*** RECORDS SUPPLIED Section Begins ***

(* Let $d\in\{-1,-2,-3,-7,-11,-19,-43,-67,-163\}$ and let $R$ be the ring of algebraic integers of the imaginary quadratic number field $\mathbb{Q}[\sqrt d]$. If $A$ is a nonzero ideal of $R$, then there is a nonzero element $m\in R$ such that $P_A=\tau_m$. Moreover, there is a positive ordinary integer $n$ such that $P_{A\overline A}=\tau_n$, where $\overline A=\{\overline a: a\in A\}$ is the complex conjugate of $A$ and $A\overline A$ is the product ideal.
   Context: Here $P_H$ for a subset $H\subseteq R$ is the principal congruence on the multiplicative semigroup $R_{mult}$ of $R$: for $a\in R$, $H\dots a=\{(x,y)\in R\times R: xay\in H\}$ and $P_H=\{(a,b): H\dots a=H\dots b\}$. For $m\in R$, $\tau_m$ is the relation on $R$ given by $(a,b)\in\tau_m$ iff $\gcd(a,m)$ and $\gcd(b,m)$ are associates in $R$ (for these $d$, $R$ is a unique factorization domain, so gcds exist). *)

From mathcomp Require Import all_boot all_order all_algebra all_field.
Set Implicit Arguments. Unset Strict Implicit. Unset Printing Implicit Defensive.
Import Order.TTheory GRing.Theory Num.Theory.
Local Open Scope ring_scope.

Definition inR (d : int) (z : algC) : Prop :=
  z \in Aint /\ exists p q : rat, z = ratr p + ratr q * sqrtC (d%:~R).

Definition is_ideal (d : int) (A : algC -> Prop) : Prop :=
  [/\ (forall z, A z -> inR d z),
      A 0,
      (forall x y, A x -> A y -> A (x + y)),
      (forall x, A x -> A (- x)) &
      (forall r x, inR d r -> A x -> A (r * x))].

Definition nonzero_set (A : algC -> Prop) : Prop := exists a, A a /\ a <> 0.

Definition conj_set (A : algC -> Prop) : algC -> Prop := fun z => A (z^*).

Definition prod_set (A B : algC -> Prop) : algC -> Prop := fun z =>
  exists s : seq (algC * algC),
    (forall p, p \in s -> A p.1 /\ B p.2) /\
    z = \sum_(p <- s) p.1 * p.2.

(* P_H on R: (a,b) in P_H iff H..a = H..b, where
   H..a = {(x,y) in R x R : x a y in H}. *)
Definition P_rel (d : int) (H : algC -> Prop) (a b : algC) : Prop :=
  forall x y, inR d x -> inR d y -> (H (x * a * y) <-> H (x * b * y)).

Definition dvdR (d : int) (u v : algC) : Prop := exists w, inR d w /\ v = u * w.

Definition is_gcdR (d : int) (g a b : algC) : Prop :=
  [/\ inR d g, dvdR d g a, dvdR d g b &
      forall c, inR d c -> dvdR d c a -> dvdR d c b -> dvdR d c g].

Definition assocR (d : int) (u v : algC) : Prop := dvdR d u v /\ dvdR d v u.

Definition tau_rel (d : int) (m a b : algC) : Prop :=
  exists g1 g2, [/\ is_gcdR d g1 a m, is_gcdR d g2 b m & assocR d g1 g2].

Definition heegner_d : seq int := [:: -1; -2; -3; -7; -11; -19; -43; -67; -163].

(* For these nine d the ring R of integers of Q(sqrt d) is Z[omega], with omega = sqrt d
   (d = -1, -2) or omega = (1 + sqrt d)/2, and R is a principal ideal domain.  The latter
   follows from the Dedekind-Hasse criterion: if a does not divide b, some s b - t a has
   0 < |s b - t a| < |a|.  With r = b conj(a) and n = N(a) it suffices to find
   0 < |s r - n t| < n; splitting off a prime factor p of n reduces this to n = p.
   If p does not divide N(r), a Bezout relation gives s r - p t = 1; otherwise
   s r - p t = e + omega with p | N(e + omega), and the condition 4k < 3p^2 for such p (a
   finite check for the Heegner numbers) makes e + omega or e - p + omega shorter than p.
   In a principal ideal domain A = (m), and m | c a iff m / gcd(a, m) divides c, so
   P_A(a, b) says exactly that m / gcd(a, m) and m / gcd(b, m) are associates, i.e.
   that gcd(a, m) and gcd(b, m) are.  Finally A conj(A) = (m conj(m)) = (N(m)). *)

From mathcomp Require Import all_boot all_order all_algebra all_field.
From mathcomp Require Import zify ring.
From Stdlib Require Import Classical.
Import Order.TTheory GRing.Theory Num.Theory.
Local Open Scope ring_scope.

Lemma int_halves (a : int) : exists a' r : int, a = 2 * a' + r /\ (r = 0 \/ r = 1).
Proof. exists (a %/ 2)%Z, (a %% 2)%Z; lia. Qed.

Lemma dvdz2_sub_of_norm_1mod4 {k a b : int} :
  (4 %| a * a - (1 - 4 * k) * b * b)%Z -> (2 %| a - b)%Z.
Proof.
have [a' [ra [-> hra]]] := int_halves a.
have [b' [rb [-> hrb]]] := int_halves b.
by case: hra => ->; case: hrb => ->; nia.
Qed.

Lemma dvdz2_of_norm_23mod4 {d a b : int} : (d %% 4 = 2)%Z \/ (d %% 4 = 3)%Z ->
  (4 %| a * a - d * b * b)%Z -> (2 %| a)%Z && (2 %| b)%Z.
Proof.
have [a' [ra [-> hra]]] := int_halves a.
have [b' [rb [-> hrb]]] := int_halves b.
move=> hd.
have [d' [rd [-> hrd]]] : exists d' rd : int, d = 4 * d' + rd /\ (rd = 2 \/ rd = 3).
  by exists (d %/ 4)%Z, (d %% 4)%Z; lia.
by case: hrd => ->; case: hra => ->; case: hrb => ->; nia.
Qed.

Lemma dvdz_sqr_prime {p u : int} : prime `|p| -> (p %| u * u)%Z -> (p %| u)%Z.
Proof. by move=> pp; rewrite !dvdzE abszM Euclid_dvdM // orbb. Qed.

Lemma prime_bezoutz {p m : int} : prime `|p| -> ~~ (p %| m)%Z ->
  exists u v : int, u * m + v * p = 1.
Proof.
move=> pp pNm; have /coprimezP[[u v] /= huv] : coprimez m p.
  by rewrite coprimezE coprime_sym prime_coprime // -dvdzE.
by exists u, v.
Qed.

(** * Principal ideals and the relations P_H and tau_m *)

Section PrincipalIdeals.
Variable d : int.
Hypothesis R1 : inR d 1.
Hypothesis RD : forall {u v}, inR d u -> inR d v -> inR d (u + v).
Hypothesis RN : forall {u}, inR d u -> inR d (- u).
Hypothesis RM : forall {u v}, inR d u -> inR d v -> inR d (u * v).
Hypothesis R_principal : forall {A}, is_ideal d A -> nonzero_set A ->
  exists m, [/\ inR d m, m <> 0 & forall z, A z <-> dvdR d m z].

Lemma R0 : inR d 0.
Proof. by have := RD R1 (RN R1); rewrite addrN. Qed.

Lemma dvdR_refl u : dvdR d u u.
Proof. by exists 1; rewrite mulr1. Qed.

Lemma dvdR_trans u v w : dvdR d u v -> dvdR d v w -> dvdR d u w.
Proof.
by move=> [x [hx ->]] [y [hy ->]]; exists (x * y); split; [apply: RM | rewrite mulrA].
Qed.

Definition lincomb (a m z : algC) : Prop :=
  exists u v, [/\ inR d u, inR d v & z = u * a + v * m].

Lemma lincomb_is_ideal {a m} : inR d a -> inR d m -> is_ideal d (lincomb a m).
Proof.
move=> ha hm; split.
- by move=> z [u [v [hu hv ->]]]; apply: RD; apply: RM.
- by exists 0, 0; split; [exact: R0 | exact: R0 | rewrite !mul0r addr0].
- move=> x y [u [v [hu hv ->]]] [u' [v' [hu' hv' ->]]].
  by exists (u + u'), (v + v'); split; [apply: RD | apply: RD | ring].
- by move=> x [u [v [hu hv ->]]]; exists (- u), (- v); split; [apply: RN | apply: RN | ring].
- move=> r x hr [u [v [hu hv ->]]].
  by exists (r * u), (r * v); split; [apply: RM | apply: RM | ring].
Qed.

Lemma gcdR_exists {a m} : inR d a -> inR d m -> m != 0 ->
  exists g, is_gcdR d g a m /\ lincomb a m g.
Proof.
move=> ha hm m0.
have [|g [hg _ gE]] := R_principal (lincomb_is_ideal ha hm).
  exists m; split; last exact/eqP.
  by exists 0, 1; split; [exact: R0 | exact: R1 | rewrite mul0r add0r mul1r].
have [u [v [hu hv uvE]]] : lincomb a m g by apply/gE; exact: dvdR_refl.
exists g; split; last by exists u, v.
split => //.
- by apply/gE; exists 1, 0; split; [exact: R1 | exact: R0 | ring].
- by apply/gE; exists 0, 1; split; [exact: R0 | exact: R1 | ring].
move=> c hc [a' [ha' aE]] [m' [hm' mE]].
exists (u * a' + v * m'); split; first by apply: RD; apply: RM.
by rewrite uvE aE mE; ring.
Qed.

Lemma gcdR_lincomb {a m g} : inR d a -> inR d m -> m != 0 -> is_gcdR d g a m ->
  lincomb a m g.
Proof.
move=> ha hm m0 [_ _ _ gmax].
have [h [[hh ha' hm' _] [u [v [hu hv hE]]]]] := gcdR_exists ha hm m0.
have [w [hw ->]] := gmax h hh ha' hm'.
by exists (u * w), (v * w); split; [apply: RM | apply: RM | rewrite hE; ring].
Qed.

Lemma dvdR_gcd_cofactor {a m g m1} : inR d a -> inR d m -> m != 0 ->
  is_gcdR d g a m -> m = g * m1 ->
  forall c, inR d c -> (dvdR d m (c * a) <-> dvdR d m1 c).
Proof.
move=> ha hm m0 hg mE c hc.
have [u [v [hu hv gE]]] := gcdR_lincomb ha hm m0 hg.
case: hg => _ [a' [ha' aE]] _ _.
have g0 : g != 0 by apply: contraNneq m0 => g0; rewrite mE g0 mul0r.
have bezout : u * a' + v * m1 = 1.
  by apply: (mulfI g0); rewrite mulr1 [RHS]gE aE mE; ring.
split=> [[r [hr caE]] | [r [hr ->]]].
  exists (u * r + c * v); split; first by apply: RD; apply: RM.
  have ca'E : c * a' = m1 * r by apply: (mulfI g0); rewrite mulrCA -aE caE mE mulrA.
  transitivity (u * (c * a') + c * v * m1); last by rewrite ca'E; ring.
  by rewrite -[LHS]mulr1 -bezout; ring.
by exists (r * a'); split; [apply: RM | rewrite mE aE; ring].
Qed.

Lemma dvdR_cofactor {g1 m1 g2 m2} : g1 * m1 = g2 * m2 -> g2 * m2 != 0 ->
  dvdR d g2 g1 <-> dvdR d m1 m2.
Proof.
move=> E nz.
have g20 : g2 != 0 by apply: contraNneq nz => ->; rewrite mul0r.
have m10 : m1 != 0 by apply: contraNneq nz => m10; rewrite -E m10 mulr0.
split=> [[w [hw g1E]] | [w [hw m2E]]]; exists w; split => //.
  by apply: (mulfI g20); rewrite -E g1E; ring.
by apply: (mulIf m10); rewrite E m2E; ring.
Qed.

Lemma assocR_dvdP u v : inR d u -> inR d v ->
  assocR d u v <-> forall c, inR d c -> (dvdR d u c <-> dvdR d v c).
Proof.
move=> hu hv; split=> [[uv vu] c hc | same].
  by split; [apply: dvdR_trans | apply: dvdR_trans].
by split; [apply/same => //; exact: dvdR_refl | apply/same => //; exact: dvdR_refl].
Qed.

Lemma dvdR_mul_iff_assoc_gcd {a b m g1 g2} : inR d a -> inR d b -> inR d m -> m != 0 ->
  is_gcdR d g1 a m -> is_gcdR d g2 b m ->
  (forall c, inR d c -> (dvdR d m (c * a) <-> dvdR d m (c * b))) <-> assocR d g1 g2.
Proof.
move=> ha hb hm m0 hg1 hg2.
have [_ _ [m1 [hm1 m1E]] _] := hg1; have [_ _ [m2 [hm2 m2E]] _] := hg2.
have E : g1 * m1 = g2 * m2 by rewrite -m1E -m2E.
have nz : g2 * m2 != 0 by rewrite -m2E.
have nz' : g1 * m1 != 0 by rewrite -m1E.
rewrite /assocR (dvdR_cofactor E nz) (dvdR_cofactor (esym E) nz') and_comm.
rewrite -/(assocR d m1 m2) assocR_dvdP //.
split=> same c hc.
  rewrite -(dvdR_gcd_cofactor ha hm m0 hg1 m1E _ hc).
  by rewrite -(dvdR_gcd_cofactor hb hm m0 hg2 m2E _ hc); apply: same.
rewrite (dvdR_gcd_cofactor ha hm m0 hg1 m1E _ hc).
by rewrite (dvdR_gcd_cofactor hb hm m0 hg2 m2E _ hc); apply: same.
Qed.

Lemma P_rel_principal {H : algC -> Prop} {m a b} : inR d a -> inR d b ->
  (forall z, inR d z -> (H z <-> dvdR d m z)) ->
  P_rel d H a b <-> forall c, inR d c -> (dvdR d m (c * a) <-> dvdR d m (c * b)).
Proof.
move=> ha hb Hm; split=> [hP c hc | same x y hx hy].
  have := hP c 1 hc R1; rewrite !mulr1.
  by rewrite !Hm //; apply: RM.
have hxy := RM hx hy.
rewrite [x * a * y]mulrAC [x * b * y]mulrAC !Hm; try by apply: RM.
exact: same.
Qed.

Lemma P_rel_tau {H : algC -> Prop} {m a b} : inR d m -> m != 0 ->
  inR d a -> inR d b -> (forall z, inR d z -> (H z <-> dvdR d m z)) ->
  P_rel d H a b <-> tau_rel d m a b.
Proof.
move=> hm m0 ha hb Hm; rewrite (P_rel_principal ha hb Hm).
split=> [same | [g1 [g2 [hg1 hg2 g12]]]]; last first.
  exact/(dvdR_mul_iff_assoc_gcd ha hb hm m0 hg1 hg2).
have [g1 [hg1 _]] := gcdR_exists ha hm m0.
have [g2 [hg2 _]] := gcdR_exists hb hm m0.
by exists g1, g2; split => //; apply/(dvdR_mul_iff_assoc_gcd ha hb hm m0 hg1 hg2).
Qed.

Hypothesis R_conj : forall {u}, inR d u -> inR d u^*.

Lemma prod_conj_principal A m : (forall z, A z <-> dvdR d m z) ->
  forall z, prod_set A (conj_set A) z <-> dvdR d (m * m^*) z.
Proof.
move=> Am z; split=> [[s [sA ->]] | [w [hw ->]]]; last first.
  exists [:: (m, m^* * w)]; split; last by rewrite big_seq1 mulrA.
  move=> p; rewrite inE => /eqP -> /=; split; first by apply/Am; exact: dvdR_refl.
  by apply/Am; exists w^*; split; [apply: R_conj | rewrite rmorphM /= conjCK].
elim: s sA => [|[x y] s IH] sA.
  by rewrite big_nil; exists 0; split; [exact: R0 | rewrite mulr0].
rewrite big_cons /=.
have /= [/Am[u [hu ->]] /Am[v [hv yE]]] := sA (x, y) (mem_head _ _).
have [w [hw ->]] : dvdR d (m * m^*) (\sum_(p <- s) p.1 * p.2).
  by apply: IH => p ps; apply: sA; rewrite in_cons ps orbT.
exists (u * v^* + w); split; first by apply: RD => //; apply: RM => //; apply: R_conj.
by rewrite -[y]conjCK yE rmorphM /=; ring.
Qed.

End PrincipalIdeals.

(** * The quadratic order Z[omega] *)

Lemma Aint_quadratic_root (w w' : algC) (s p : int) :
  w + w' = s%:~R -> w * w' = p%:~R -> w \in Aint.
Proof.
move=> hs hp; apply: (@root_monic_Aint (('X - w%:P) * ('X - w'%:P))).
- by rewrite rootM root_XsubC eqxx.
- by rewrite monicMl monicXsubC.
have -> : ('X - w%:P) * ('X - w'%:P) = 'X^2 - (s%:~R : algC) *: 'X + (p%:~R : algC)%:P.
  by rewrite -hs -hp -mul_polyC !(rmorphD, rmorphM) /=; ring.
apply/polyOverP => i; rewrite coefD coefB coefXn coefZ coefX coefC.
apply/intrP; case: i => [|[|[|i]]] /=;
  [exists p | exists (- s) | exists 1 | exists 0]; rewrite ?rmorphN ?rmorph1 /=; ring.
Qed.

Lemma Aint_Crat_int (z : algC) : z \in Aint -> z \in Crat -> exists n : int, z = n%:~R.
Proof. by move=> zA zQ; apply/intrP; exact: Cint_rat_Aint. Qed.

Section QuadraticOrder.
Variables d t0 k : int.
Hypothesis d_def : (t0 = 0 /\ d = - k) \/ (t0 = 1 /\ d = 1 - 4 * k).
Hypothesis k_gt0 : 0 < k.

*** RECORDS SUPPLIED Section Ends ***

REQUIRED ACTION: After locating the line with "Hypothesis d_def : (t0", please repeat it and every line after it exactly, through the end of the data above.

WRITTEN ANSWER:
Hypothesis d_def : (t0 = 0 /\ d = - k) \/ (t0 = 1 /\ d = 1 - 4 * k).
Hypothesis k_gt0 : 0 < k.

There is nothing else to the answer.